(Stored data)

Lemma junction_tangential_system n (A Tg : nat -> vec) (p : nat -> R) (V : vec) :
  (forall j, (j < 3)%nat -> inner n (Tg j) (Tg j) = 1) ->
  (forall j, (j < 3)%nat -> inner n (A j) (Tg j) = 0) ->
  (forall j, (j < 3)%nat -> veq n V (fun k => - A j k + p j * Tg j k)) ->
  forall i, (i < 3)%nat ->
    sumR 3 (fun j => Mmat n Tg i j * p j) =
    - (inner n (A ((i + 1) mod 3)%nat) (Tg i) + inner n (A ((i + 2) mod 3)%nat) (Tg i)).
Proof.
  intros Hunit Hnormal HV.
  assert (Hcomp : forall i j, (j < 3)%nat ->
            inner n V (Tg i) = - inner n (A j) (Tg i) + p j * inner n (Tg j) (Tg i)).
  { intros i j Hj. rewrite (inner_veq_l _ _ _ _ (HV j Hj)).
    replace (- inner n (A j) (Tg i)) with (-1 * inner n (A j) (Tg i)) by ring.
    rewrite <- inner_lincomb_l. apply inner_veq_l. intros k _. ring. }
  assert (Hp : forall i, (i < 3)%nat -> inner n V (Tg i) = p i).
  { intros i Hi. rewrite (Hcomp i i Hi), Hunit, Hnormal by exact Hi. ring. }
  intros i Hi.
  pose proof (Hcomp i 0%nat ltac:(lia)). pose proof (Hcomp i 1%nat ltac:(lia)).
  pose proof (Hcomp i 2%nat ltac:(lia)). pose proof (Hp i Hi).
  destruct i as [|[|[|i]]]; try lia; unfold Mmat; simpl in *;
    rewrite ?(inner_sym n (Tg 1%nat) (Tg 0%nat)), ?(inner_sym n (Tg 2%nat) (Tg 0%nat)),
      ?(inner_sym n (Tg 2%nat) (Tg 1%nat)) in *; lra.
Qed.

Definition concurrent_at n (f : nat -> R -> R -> vec) t :=
  veq n (f 0%nat t 0) (f 1%nat t 0) /\ veq n (f 1%nat t 0) (f 2%nat t 0).

Section TripleJunction.
Variables (n : nat) (T : R) (f : nat -> R -> R -> vec) (lambda : nat -> R)
  (phi : nat -> R -> R -> R).
Hypothesis T_pos : 0 < T.
Hypothesis f_smooth : forall i k, (i < 3)%nat -> (k < n)%nat -> smooth_on T (vcomp (f i) k).
Hypothesis f_cont : forall i k, (i < 3)%nat -> (k < n)%nat ->
  cont_on (fun t x => 0 <= t < T /\ Iset x) (vcomp (f i) k).
Hypothesis speed_pos : forall i t x, (i < 3)%nat -> 0 < t < T -> Iset x -> 0 < speed n (f i) t x.
Hypothesis flow : forall i t x k, (i < 3)%nat -> 0 < t < T -> Iset x -> (k < n)%nat ->
  dtv (f i) t x k =
    - nablas n (f i) (nablas n (f i) (kappa n (f i))) t x k
    - / 2 * inner n (kappa n (f i) t x) (kappa n (f i) t x) * kappa n (f i) t x k
    + lambda i * kappa n (f i) t x k
    + phi i t x * tangent n (f i) t x k.
Hypothesis kappa_junction : forall i t k, (i < 3)%nat -> 0 < t < T -> (k < n)%nat ->
  kappa n (f i) t 0 k = 0.
Hypothesis concurrent_init : concurrent_at n f 0.

Let I0 : Iset 0. Proof. unfold Iset; lra. Qed.

Lemma junction_velocity_eq :
  (forall t, 0 < t < T -> concurrent_at n f t) ->
  forall t, 0 < t < T -> forall i, (i < 3)%nat -> veq n (dtv (f i) t 0) (dtv (f 0%nat) t 0).
Proof.
  intros Hconc t Ht i Hi k Hk.
  apply (dt_eq_of_slice_eq T); auto.
  intros s Hs. destruct (Hconc s Hs) as [E01 E12]. unfold vcomp.
  destruct i as [|[|[|i]]]; try lia; [reflexivity | symmetry; auto |].
  rewrite <- E12, <- E01 by exact Hk. reflexivity.
Qed.

Lemma junction_velocities_agree :
  (forall t, 0 < t < T -> concurrent_at n f t) ->
  forall t, 0 < t < T -> forall i j, (i < 3)%nat -> (j < 3)%nat ->
    veq n (dtv (f i) t 0) (dtv (f j) t 0).
Proof.
  intros Hconc t Ht i j Hi Hj k Hk.
  rewrite (junction_velocity_eq Hconc t Ht i Hi k Hk), (junction_velocity_eq Hconc t Ht j Hj k Hk).
  reflexivity.
Qed.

▶ WHAT IS NEEDED
Would you write out all the records exactly as they read?

▶ SOLUTION
Lemma junction_tangential_system n (A Tg : nat -> vec) (p : nat -> R) (V : vec) :
  (forall j, (j < 3)%nat -> inner n (Tg j) (Tg j) = 1) ->
  (forall j, (j < 3)%nat -> inner n (A j) (Tg j) = 0) ->
  (forall j, (j < 3)%nat -> veq n V (fun k => - A j k + p j * Tg j k)) ->
  forall i, (i < 3)%nat ->
    sumR 3 (fun j => Mmat n Tg i j * p j) =
    - (inner n (A ((i + 1) mod 3)%nat) (Tg i) + inner n (A ((i + 2) mod 3)%nat) (Tg i)).
Proof.
  intros Hunit Hnormal HV.
  assert (Hcomp : forall i j, (j < 3)%nat ->
            inner n V (Tg i) = - inner n (A j) (Tg i) + p j * inner n (Tg j) (Tg i)).
  { intros i j Hj. rewrite (inner_veq_l _ _ _ _ (HV j Hj)).
    replace (- inner n (A j) (Tg i)) with (-1 * inner n (A j) (Tg i)) by ring.
    rewrite <- inner_lincomb_l. apply inner_veq_l. intros k _. ring. }
  assert (Hp : forall i, (i < 3)%nat -> inner n V (Tg i) = p i).
  { intros i Hi. rewrite (Hcomp i i Hi), Hunit, Hnormal by exact Hi. ring. }
  intros i Hi.
  pose proof (Hcomp i 0%nat ltac:(lia)). pose proof (Hcomp i 1%nat ltac:(lia)).
  pose proof (Hcomp i 2%nat ltac:(lia)). pose proof (Hp i Hi).
  destruct i as [|[|[|i]]]; try lia; unfold Mmat; simpl in *;
    rewrite ?(inner_sym n (Tg 1%nat) (Tg 0%nat)), ?(inner_sym n (Tg 2%nat) (Tg 0%nat)),
      ?(inner_sym n (Tg 2%nat) (Tg 1%nat)) in *; lra.
Qed.

Definition concurrent_at n (f : nat -> R -> R -> vec) t :=
  veq n (f 0%nat t 0) (f 1%nat t 0) /\ veq n (f 1%nat t 0) (f 2%nat t 0).

Section TripleJunction.
Variables (n : nat) (T : R) (f : nat -> R -> R -> vec) (lambda : nat -> R)
  (phi : nat -> R -> R -> R).
Hypothesis T_pos : 0 < T.
Hypothesis f_smooth : forall i k, (i < 3)%nat -> (k < n)%nat -> smooth_on T (vcomp (f i) k).
Hypothesis f_cont : forall i k, (i < 3)%nat -> (k < n)%nat ->
  cont_on (fun t x => 0 <= t < T /\ Iset x) (vcomp (f i) k).
Hypothesis speed_pos : forall i t x, (i < 3)%nat -> 0 < t < T -> Iset x -> 0 < speed n (f i) t x.
Hypothesis flow : forall i t x k, (i < 3)%nat -> 0 < t < T -> Iset x -> (k < n)%nat ->
  dtv (f i) t x k =
    - nablas n (f i) (nablas n (f i) (kappa n (f i))) t x k
    - / 2 * inner n (kappa n (f i) t x) (kappa n (f i) t x) * kappa n (f i) t x k
    + lambda i * kappa n (f i) t x k
    + phi i t x * tangent n (f i) t x k.
Hypothesis kappa_junction : forall i t k, (i < 3)%nat -> 0 < t < T -> (k < n)%nat ->
  kappa n (f i) t 0 k = 0.
Hypothesis concurrent_init : concurrent_at n f 0.

Let I0 : Iset 0. Proof. unfold Iset; lra. Qed.

Lemma junction_velocity_eq :
  (forall t, 0 < t < T -> concurrent_at n f t) ->
  forall t, 0 < t < T -> forall i, (i < 3)%nat -> veq n (dtv (f i) t 0) (dtv (f 0%nat) t 0).
Proof.
  intros Hconc t Ht i Hi k Hk.
  apply (dt_eq_of_slice_eq T); auto.
  intros s Hs. destruct (Hconc s Hs) as [E01 E12]. unfold vcomp.
  destruct i as [|[|[|i]]]; try lia; [reflexivity | symmetry; auto |].
  rewrite <- E12, <- E01 by exact Hk. reflexivity.
Qed.

Lemma junction_velocities_agree :
  (forall t, 0 < t < T -> concurrent_at n f t) ->
  forall t, 0 < t < T -> forall i j, (i < 3)%nat -> (j < 3)%nat ->
    veq n (dtv (f i) t 0) (dtv (f j) t 0).
Proof.
  intros Hconc t Ht i j Hi Hj k Hk.
  rewrite (junction_velocity_eq Hconc t Ht i Hi k Hk), (junction_velocity_eq Hconc t Ht j Hj k Hk).
  reflexivity.
Qed.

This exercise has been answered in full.